Would you return, word for word, the lines of the data below from the line with "k are executed before" through the line with "test of [j]", and no others?

-.-.-

(* Let $y>3$. Then for every integer $k$ with $1\le k\le\log(y)/3$, \[\sum_{m=1}^\infty d_k(m)e^{-m/y}\ll y(\log(3y))^{k+2}.\]
   Context: $d_k$ is the $k$-fold divisor function, i.e. the multiplicative function with $d_k(p^\nu)=\Gamma(k+\nu)/(\Gamma(k)\nu!)$, the Dirichlet coefficients of $\zeta(s)^k$. *)

From mathcomp Require Import ssreflect ssrfun ssrbool eqtype ssrnat seq div
  fintype bigop prime binomial.
From Stdlib Require Import Reals.
From Coquelicot Require Import Coquelicot.

(* k-fold divisor function: multiplicative, with
   d_k(p^nu) = Gamma(k+nu)/(Gamma(k) nu!) = 'C(k+nu-1, nu) for integer k >= 1.
   For m >= 1: d_k(m) = prod_{p | m} 'C(k + v_p(m) - 1, v_p(m)). *)
Definition dk (k m : nat) : nat :=
  \prod_(p <- primes m) 'C(k + logn p m - 1, logn p m).

From Stdlib Require Import Reals Lra.
From Coquelicot Require Import Coquelicot.
From mathcomp Require Import ssreflect ssrfun ssrbool eqtype ssrnat seq div
  fintype finfun bigop prime binomial.
From mathcomp Require Import Rstruct.

(* Rankin's trick: with s = 1 + 1/log y we have e^{-n/y} <= y^s n^{-s} = e y n^{-s},
   so the series is at most e y sum_n d_k(n) n^{-s}.  Truncated at N, this Dirichlet
   series is at most (sum_{n<=N} n^{-s})^k: indeed d_{k+1}(m) = sum_{d|m} d_k(d), and
   the pairs (d, m/d) with m <= N inject into [0, N]^2.  Finally
   sum_{n<=N} n^{-s} <= 1 + 1/(s-1) = 1 + log y, by comparing n^{-s} with the
   telescoping differences of n^{1-s}/(s-1); and 1 + log y <= log 3y as log 3 >= 1. *)

Set Implicit Arguments.
Unset Strict Implicit.

Section DivisorFunction.
Local Open Scope nat_scope.

Lemma dk1 m : dk 1 m = 1.
Proof. by rewrite /dk big1 // => p _; rewrite add1n subn1 binn. Qed.

Lemma logn_nprime p n : ~~ prime p -> logn p n = 0.
Proof. by move=> p_npr; rewrite /logn (negbTE p_npr). Qed.

Lemma logn_ltn p d B : d < B -> logn p d < B.
Proof.
move=> dB; have [->|d_gt0] := posnP d; first by rewrite logn0; case: B dB.
exact: leq_trans (ltn_logl p d_gt0) (ltnW dB).
Qed.

Lemma dk_prod_ord k d B : d < B ->
  dk k d = \prod_(p < B) 'C(k + logn p d - 1, logn p d).
Proof.
move=> dB; rewrite (bigID (fun p : 'I_B => val p \in primes d)) /=.
rewrite [X in _ * X]big1 ?muln1; last first.
  move=> p /negbTE p_d; suff -> : logn p d = 0 by rewrite bin0.
  by apply/eqP; rewrite -leqn0 leqNgt logn_gt0 p_d.
rewrite /dk -(big_mkord (fun p => p \in primes d)
  (fun p => 'C(k + logn p d - 1, logn p d))).
rewrite -[RHS]big_filter.
apply: perm_big; apply: uniq_perm; rewrite ?filter_uniq ?iota_uniq ?primes_uniq //.
move=> p; rewrite mem_filter mem_index_iota /=.
case p_d: (p \in primes d) => //=; move: p_d; rewrite mem_primes => /and3P [_ d_gt0 pd].
exact/esym/(leq_ltn_trans (dvdn_leq d_gt0 pd)).
Qed.

Lemma sum_bin_diag k v B : v < B ->
  \sum_(j < B | j <= v) 'C(k + j - 1, j) = 'C(k + v, v).
Proof.
case: B => // B; rewrite ltnS => vB; rewrite (big_ord_narrow_leq vB) /=.
elim: v {vB} => [|v IHv]; first by rewrite big_ord1 !bin0.
by rewrite big_ord_recr /= IHv addnS binS addnC subn1.
Qed.

Lemma prod_pow_logn m B : 0 < m -> m < B -> \prod_(p < B) p ^ logn p m = m.
Proof.
move=> m_gt0; case: B => // B; rewrite ltnS => mB.
by rewrite -{2}(partnT m_gt0) (widen_partn _ mB) big_mkord; apply: eq_bigl.
Qed.

Lemma dvdn_prod_pow m B (e : nat -> nat) : 0 < m -> m < B ->
  (forall p, p < B -> e p <= logn p m) -> \prod_(p < B) p ^ e p %| m.
Proof.
move=> m_gt0 mB le_e; rewrite -[X in _ %| X](prod_pow_logn m_gt0 mB).
apply: (big_ind2 (fun x y => x %| y)) => // [x1 x2 y1 y2|p _]; first exact: dvdn_mul.
exact/dvdn_exp2l/le_e.
Qed.

Lemma logn_prod_pow p B (e : nat -> nat) : prime p ->
    (forall q, ~~ prime q -> e q = 0) ->
  logn p (\prod_(q < B) q ^ e q) = if p < B then e p else 0.
Proof.
move=> p_pr e0; elim: B => [|B IHB]; first by rewrite big_ord0 logn1.
have pow_gt0 q : 0 < q ^ e q by case: q => [|q]; rewrite expn_gt0 //= e0.
rewrite big_ord_recr /= lognM ?pow_gt0 ?prodn_gt0 // IHB lognX ltnS.
have [B_pr|B_npr] := boolP (prime B); last first.
  rewrite (e0 B) // mul0n addn0 [p <= B]leq_eqVlt.
  by have -> : (p == B) = false by apply: contraNF B_npr => /eqP <-.
rewrite logn_prime //.
by case: ltngtP => [_|_|->] /=; rewrite ?muln0 ?addn0 ?add0n ?muln1.
Qed.

Section ExponentVectors.

Variable m : nat.
Hypothesis m_gt0 : 0 < m.

Definition logn_vec (d : 'I_m.+1) : {ffun 'I_m.+1 -> 'I_m.+1} :=
  [ffun p : 'I_m.+1 => inord (logn p d)].

Definition prod_pows (f : {ffun 'I_m.+1 -> 'I_m.+1}) : 'I_m.+1 :=
  inord (\prod_(q < m.+1) q ^ f q).

Definition exponent_family : pred {ffun 'I_m.+1 -> 'I_m.+1} :=
  family (fun p : 'I_m.+1 => [pred j : 'I_m.+1 | j <= logn p m]).

Lemma logn_vecE (d : 'I_m.+1) p : logn_vec d p = logn p d :> nat.
Proof. by rewrite ffunE inordK ?logn_ltn. Qed.

Lemma prod_powsK (d : 'I_m.+1) : 0 < d -> prod_pows (logn_vec d) = d.
Proof.
move=> d_gt0; apply: val_inj; rewrite /prod_pows /=.
under eq_bigr do rewrite logn_vecE.
by rewrite prod_pow_logn ?inord_val.
Qed.

Lemma logn_vecK f : f \in exponent_family -> logn_vec (prod_pows f) = f.
Proof.
move=> /familyP f_le; pose e n := if n < m.+1 then val (f (inord n)) else 0.
have prodE : \prod_(q < m.+1) q ^ f q = \prod_(q < m.+1) q ^ e q.
  by apply: eq_bigr => q _; rewrite /e ltn_ord inord_val.
have e_le p : p < m.+1 -> e p <= logn p m.
  by move=> pm; rewrite /e pm; have := f_le (inord p); rewrite unfold_in /= inordK.
have e0 q : ~~ prime q -> e q = 0.
  move=> q_npr; apply/eqP; rewrite -leqn0 -(logn_nprime m q_npr).
  by case: (ltnP q m.+1) => [/e_le //|q_big]; rewrite /e ltnNge q_big.
have prod_le : \prod_(q < m.+1) q ^ f q < m.+1.
  by rewrite prodE ltnS dvdn_leq // dvdn_prod_pow.
apply/ffunP => p; apply/val_inj; rewrite /= logn_vecE /prod_pows inordK //.
have [p_pr|p_npr] := boolP (prime p).
  by rewrite prodE logn_prod_pow // ltn_ord /e ltn_ord inord_val.
rewrite logn_nprime //; apply/esym/eqP; rewrite -leqn0.
by have := f_le p; rewrite unfold_in /= logn_nprime.
Qed.

Lemma logn_vec_family (d : 'I_m.+1) : 0 < d ->
  (logn_vec d \in exponent_family) = (d %| m).
Proof.
move=> d_gt0; apply/familyP/idP => [d_le | dm p]; last first.
  by rewrite unfold_in /= logn_vecE dvdn_leq_log.
rewrite -(prod_pow_logn d_gt0 (ltn_ord d)).
apply: (dvdn_prod_pow (e := logn^~ d)) => // p pm.
by have := d_le (inord p); rewrite unfold_in /= logn_vecE inordK.
Qed.

(* A divisor of m is determined by its exponent vector, and these vectors are exactly
   the members of [exponent_family]; summing over them expands the product of local
   factors 'C(k + v, v) = sum_{j <= v} 'C(k + j - 1, j). *)
Lemma dk_succ k : dk k.+1 m = \sum_(d < m.+1 | d %| m) dk k d.
Proof.
rewrite (dk_prod_ord k.+1 (ltnSn m)).
under eq_bigr => p _ do
  rewrite addSn subn1 -(sum_bin_diag _ (logn_ltn p (ltnSn m))).
rewrite bigA_distr_big_dep (reindex_onto logn_vec prod_pows logn_vecK).
apply: eq_big => [d | d _]; last first.
  by rewrite (dk_prod_ord k (ltn_ord d)); apply: eq_bigr => p _; rewrite logn_vecE.
have [d0|d_gt0] := posnP d; last by rewrite prod_powsK // eqxx andbT logn_vec_family.
suff -> : (prod_pows (logn_vec d) == d) = false.
  by rewrite andbF d0 dvd0n (negbTE (lt0n_neq0 m_gt0)).
have prod1 : \prod_(q < m.+1) q ^ logn_vec d q = 1.
  by apply: big1 => q _; rewrite logn_vecE d0 logn0.
by apply: negbTE; apply/eqP => /(congr1 val); rewrite /prod_pows /= prod1 inordK // d0.
Qed.
(* Let $k$ be a job such that there is exactly one job $j$ for which $(j,k)$ is a red pair. Then, in the schedule produced by $1$-SORT, \[ \frac{\sigma_k+D(j,k)}{\sigma_k+D^*(j,k)}\le\frac{\nu+\nu^2+2+\frac{2}{\mu}}{\nu+\nu^2+1+\frac{1}{\mu}}. \]
   Context: Setting: single machine, jobs $J=\{1,\dots,n\}$, each job $j$ with test time $t_j\ge0$ and processing time $p_j\ge0$ (revealed only when the test is executed); each job's test must be executed before its processing part, which may start any time after the test; operations are non-preemptive and the machine does one at a time. $\sigma_j=t_j+p_j$, $m_j=\max\{t_j,p_j\}$. Standing assumption (general position): no two of the $3n$ numbers $t_j,p_j,\sigma_j$ are equal, and $\sigma_k>0$. Algorithm $1$-SORT: keep a priority queue of available operations, initially the test of every job $j$ with priority $t_j$; repeatedly remove a minimum-priority operation and execute it immediately; after executing the test of $j$, insert the processing part of $j$ with priority $p_j$. For distinct jobs $j,k$, let $d_{k,j}$ be the total amount of time during which operations of $k$ are executed before the completion time of $j$, and $D(j,k)=d_{j,k}+d_{k,j}$, evaluated for the $1$-SORT schedule; $D^*(j,k)=\min\{\sigma_j,\sigma_k\}$. Fix constants $\mu>1$ and $0<\nu<1$ with $\mu\nu>1$ and $1+\frac1\mu\le\nu+\nu^2$. A job $j$ is imbalanced if $m_j\ge\mu\min\{t_j,p_j\}$. For distinct jobs $j,k$, the ordered pair $(j,k)$ is a red pair if $j$ is imbalanced, $m_j\ge t_k\ge\nu m_j$, and $p_k\ge\nu t_k$. *)

From HB Require Import structures.
From mathcomp Require Import all_boot all_order all_algebra.
Set Implicit Arguments. Unset Strict Implicit. Unset Printing Implicit Defensive.
Import Order.TTheory GRing.Theory Num.Theory.
Local Open Scope ring_scope.

Section OneSort.
Variables (R : realFieldType) (n : nat) (t p : 'I_n -> R).

(* An operation: (j, true) = test of job j, (j, false) = processing part of j *)
Definition op := ('I_n * bool)%type.

Definition prio (o : op) : R := if o.2 then t o.1 else p o.1.

(* a minimum-priority element of a queue (first one among ties) *)
Fixpoint pickmin (s : seq op) : option op :=
  match s with
  | [::] => None
  | x :: s' => match pickmin s' with
               | None => Some x
               | Some y => if prio y < prio x then Some y else Some x
               end
  end.

(* one step of 1-SORT: state = (queue, sequence of executed operations) *)
Definition sort_step (st : seq op * seq op) : seq op * seq op :=
  let: (Q, Sx) := st in
  match pickmin Q with
  | None => st
  | Some o => ((if o.2 then [:: (o.1, false)] else [::]) ++ rem o Q, rcons Sx o)
  end.

(* the sequence of operations in the order executed by 1-SORT
   (executed back-to-back from time 0, without idle time) *)
Definition one_sort_seq : seq op :=
  (iter (2 * n) sort_step ([seq (j, true) | j <- enum 'I_n], [::])).2.

(* d_{k,j}: total time during which operations of k are executed before
   the completion time of j (= completion of the processing part of j) *)
Definition dd (k j : 'I_n) : R :=
  let Sx := one_sort_seq in
  \sum_(o <- take (index (j, false) Sx).+1 Sx | o.1 == k) prio o.

Definition sigma (j : 'I_n) : R := t j + p j.
Definition mm (j : 'I_n) : R := Num.max (t j) (p j).

Definition DD (j k : 'I_n) : R := dd j k + dd k j.
Definition DDstar (j k : 'I_n) : R := Num.min (sigma j) (sigma k).

Definition imbalanced (mu : R) (j : 'I_n) : Prop :=
  mm j >= mu * Num.min (t j) (p j).

Definition red_pair (mu nu : R) (j k : 'I_n) : Prop :=
  [/\ j != k, imbalanced mu j, mm j >= t k, t k >= nu * mm j & p k >= nu * t k].

Definition general_position : Prop :=
  uniq ([seq t j | j <- enum 'I_n] ++ [seq p j | j <- enum 'I_n]
        ++ [seq sigma j | j <- enum 'I_n]).

End OneSort.

(* 1-SORT executes the operations in nondecreasing order of a key: [t_j] for the
   test of [j] and [m_j = max(t_j, p_j)] for its processing part.  A processing
   part enters the queue only after its test, whose key is at most [m_j], and its
   priority [p_j] is at most [m_j]; so nothing with a larger key can be executed
   before it.  Consequently the test of [k] counts in [d_{k,j}] only if
   [t_k <= m_j], and the processing part of [k] only if [m_k <= m_j].  For a red
   pair [(j, k)], general position gives [m_j <> m_k]: if [m_j < m_k] then
   [D(j,k) <= sigma_j + t_k], and if [m_k < m_j] then
   [D(j,k) <= sigma_k + (t_j if t_j <= m_k else 0)].  In both cases the ratio
   bound is elementary algebra from the red-pair inequalities and
   [1 + 1/mu <= nu + nu^2]. *)

From HB Require Import structures.
From mathcomp Require Import all_boot all_order all_algebra.
From mathcomp Require Import lra.
Set Implicit Arguments. Unset Strict Implicit. Unset Printing Implicit Defensive.
Import Order.TTheory GRing.Theory Num.Theory.
Local Open Scope ring_scope.

Section OneSortOrder.
Variables (R : realFieldType) (n : nat) (t p : 'I_n -> R).
Hypotheses (t_ge0 : forall j, 0 <= t j) (p_ge0 : forall j, 0 <= p j).

Definition key (o : op n) : R := if o.2 then t o.1 else mm t p o.1.

Definition key_le : rel (op n) := fun x y => key x <= key y.

Lemma key_le_trans : transitive key_le.
Proof. by move=> y x z; apply: le_trans. Qed.

Lemma prio_le_key o : prio t p o <= key o.
Proof. by case: o => i [] //=; rewrite /prio /key /mm le_max lexx orbT. Qed.

Lemma pickmin_eq_None s : pickmin t p s = None -> s = [::].
Proof. by case: s => //= x s; case: (pickmin t p s) => // y; case: ifP. Qed.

-.-.-

RESPONSE TO THE TASK |
(* d_{k,j}: total time during which operations of k are executed before
   the completion time of j (= completion of the processing part of j) *)
Definition dd (k j : 'I_n) : R :=
  let Sx := one_sort_seq in
  \sum_(o <- take (index (j, false) Sx).+1 Sx | o.1 == k) prio o.

Definition sigma (j : 'I_n) : R := t j + p j.
Definition mm (j : 'I_n) : R := Num.max (t j) (p j).

Definition DD (j k : 'I_n) : R := dd j k + dd k j.
Definition DDstar (j k : 'I_n) : R := Num.min (sigma j) (sigma k).

Definition imbalanced (mu : R) (j : 'I_n) : Prop :=
  mm j >= mu * Num.min (t j) (p j).

Definition red_pair (mu nu : R) (j k : 'I_n) : Prop :=
  [/\ j != k, imbalanced mu j, mm j >= t k, t k >= nu * mm j & p k >= nu * t k].

Definition general_position : Prop :=
  uniq ([seq t j | j <- enum 'I_n] ++ [seq p j | j <- enum 'I_n]
        ++ [seq sigma j | j <- enum 'I_n]).

End OneSort.

(* 1-SORT executes the operations in nondecreasing order of a key: [t_j] for the
   test of [j] and [m_j = max(t_j, p_j)] for its processing part.  A processing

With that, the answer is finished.